**TASK GOAL:** In the data below, retype exactly the line that contains "Implicit Types (a u : R) (l v : seq R)." and every line after it, through the last.

※ ※ ※

(* valuation of a vector: minimum over its (nonzero) entries;
   entries equal to 0 have valuation infinity and are skipped. *)
Definition nuv (g : R) (s : nat) (c : seq R) : nat :=
  foldr minn s [seq nu g s x | x <- c & x != 0].

End ChainRing.

(* L_beta(m) = q^{(s-1)(m-1)} (q^m - 1)/(q - 1)  (exact division) *)
Definition Lbeta (q s m : nat) : nat :=
  (q ^ ((s - 1) * (m - 1)) * ((q ^ m - 1) %/ (q - 1)))%N.

(* A codeword of S_k^beta is c = (l . v)_v, v running over the columns of
   G_k^beta, for a coefficient vector l; since the columns include the unit
   vectors, nu(c) = nu(l).  G_k^alpha lists all of R^k, and the columns of
   G_k^beta are representatives, up to multiplication by units, of the vectors
   of R^k having a unit coordinate.  Hence for every unit-invariant count F,
     #units * sum_{G^beta} F = sum_{R^k} F - sum_{<g>^k} F,
   and sum_{<g>^k} F(v) = q^-k sum_{R^k} F(g v).  With F = 1 this gives the
   length L_beta(k) of the code; with F(v) = [l . v = 0], using that the
   equation l . v = 0 has q^(s(k-1) + nu(l)) solutions in R^k, it gives the
   number q^nu(l) L_beta(k-1) of zero coordinates of c. *)

From HB Require Import structures.
From mathcomp Require Import all_boot all_order all_algebra.
From mathcomp Require Import ring zify.
Set Implicit Arguments. Unset Strict Implicit. Unset Printing Implicit Defensive.
Import GRing.Theory.
Local Open Scope ring_scope.

Section Dot.
Variable R : comPzRingType.
Implicit Types (a u : R) (l v : seq R).

Fixpoint dot l v : R :=
  if l is a :: l' then (if v is b :: v' then a * b + dot l' v' else 0) else 0.

Definition scale u v := map (fun x => u * x) v.

Lemma dot_nseq0 l m : dot l (nseq m 0) = 0.
Proof. by elim: l m => [|a l IH] [|m] //=; rewrite mulr0 add0r IH. Qed.

Lemma dot_sum l v : size v = size l -> dot l v = \sum_(i < size l) l`_i * v`_i.
Proof.
elim: l v => [|a l IH] [|b v] //=; first by rewrite big_ord0.
by move=> [hv]; rewrite big_ord_recl /= IH.
Qed.

Lemma dot_scaler l v u : dot l (scale u v) = u * dot l v.
Proof. by elim: l v => [|a l IH] [|b v] /=; rewrite ?mulr0 // IH mulrDr mulrCA. Qed.

Lemma dot_scale_swap l v u : dot l (scale u v) = dot (scale u l) v.
Proof. by elim: l v => [|a l IH] [|b v] //=; rewrite IH mulrCA mulrA. Qed.

End Dot.

Section PrincipalIdeal.
Variable R : finComUnitRingType.
Implicit Types a r u x y : R.

Lemma pidealP a x : reflect (exists y, x = a * y) (x \in pideal a).
Proof. by apply: (iffP imsetP) => [[y _ ->]|[y ->]]; exists y. Qed.

Lemma pidealM a y : a * y \in pideal a.
Proof. by apply/pidealP; exists y. Qed.

Lemma pideal_id a : a \in pideal a.
Proof. by rewrite -[X in X \in _]mulr1 pidealM. Qed.

Lemma pideal0 a : 0 \in pideal a.
Proof. by rewrite -(mulr0 a) pidealM. Qed.

Lemma pidealD a x y : x \in pideal a -> y \in pideal a -> x + y \in pideal a.
Proof. by move=> /pidealP[x' ->] /pidealP[y' ->]; rewrite -mulrDr pidealM. Qed.

Lemma pidealN a x : x \in pideal a -> - x \in pideal a.
Proof. by move=> /pidealP[x' ->]; rewrite -mulrN pidealM. Qed.

Lemma pidealB a x y : x \in pideal a -> y \in pideal a -> x - y \in pideal a.
Proof. by move=> hx /pidealN; apply: pidealD. Qed.

Lemma pidealMl a r x : x \in pideal a -> r * x \in pideal a.
Proof. by move=> /pidealP[x' ->]; rewrite mulrCA pidealM. Qed.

※ ※ ※

**SOLUTION:**
Implicit Types (a u : R) (l v : seq R).

Fixpoint dot l v : R :=
  if l is a :: l' then (if v is b :: v' then a * b + dot l' v' else 0) else 0.

Definition scale u v := map (fun x => u * x) v.

Lemma dot_nseq0 l m : dot l (nseq m 0) = 0.
Proof. by elim: l m => [|a l IH] [|m] //=; rewrite mulr0 add0r IH. Qed.

Lemma dot_sum l v : size v = size l -> dot l v = \sum_(i < size l) l`_i * v`_i.
Proof.
elim: l v => [|a l IH] [|b v] //=; first by rewrite big_ord0.
by move=> [hv]; rewrite big_ord_recl /= IH.
Qed.

Lemma dot_scaler l v u : dot l (scale u v) = u * dot l v.
Proof. by elim: l v => [|a l IH] [|b v] /=; rewrite ?mulr0 // IH mulrDr mulrCA. Qed.

Lemma dot_scale_swap l v u : dot l (scale u v) = dot (scale u l) v.
Proof. by elim: l v => [|a l IH] [|b v] //=; rewrite IH mulrCA mulrA. Qed.

End Dot.

Section PrincipalIdeal.
Variable R : finComUnitRingType.
Implicit Types a r u x y : R.

Lemma pidealP a x : reflect (exists y, x = a * y) (x \in pideal a).
Proof. by apply: (iffP imsetP) => [[y _ ->]|[y ->]]; exists y. Qed.

Lemma pidealM a y : a * y \in pideal a.
Proof. by apply/pidealP; exists y. Qed.

Lemma pideal_id a : a \in pideal a.
Proof. by rewrite -[X in X \in _]mulr1 pidealM. Qed.

Lemma pideal0 a : 0 \in pideal a.
Proof. by rewrite -(mulr0 a) pidealM. Qed.

Lemma pidealD a x y : x \in pideal a -> y \in pideal a -> x + y \in pideal a.
Proof. by move=> /pidealP[x' ->] /pidealP[y' ->]; rewrite -mulrDr pidealM. Qed.

Lemma pidealN a x : x \in pideal a -> - x \in pideal a.
Proof. by move=> /pidealP[x' ->]; rewrite -mulrN pidealM. Qed.

Lemma pidealB a x y : x \in pideal a -> y \in pideal a -> x - y \in pideal a.
Proof. by move=> hx /pidealN; apply: pidealD. Qed.

Lemma pidealMl a r x : x \in pideal a -> r * x \in pideal a.
Proof. by move=> /pidealP[x' ->]; rewrite mulrCA pidealM. Qed.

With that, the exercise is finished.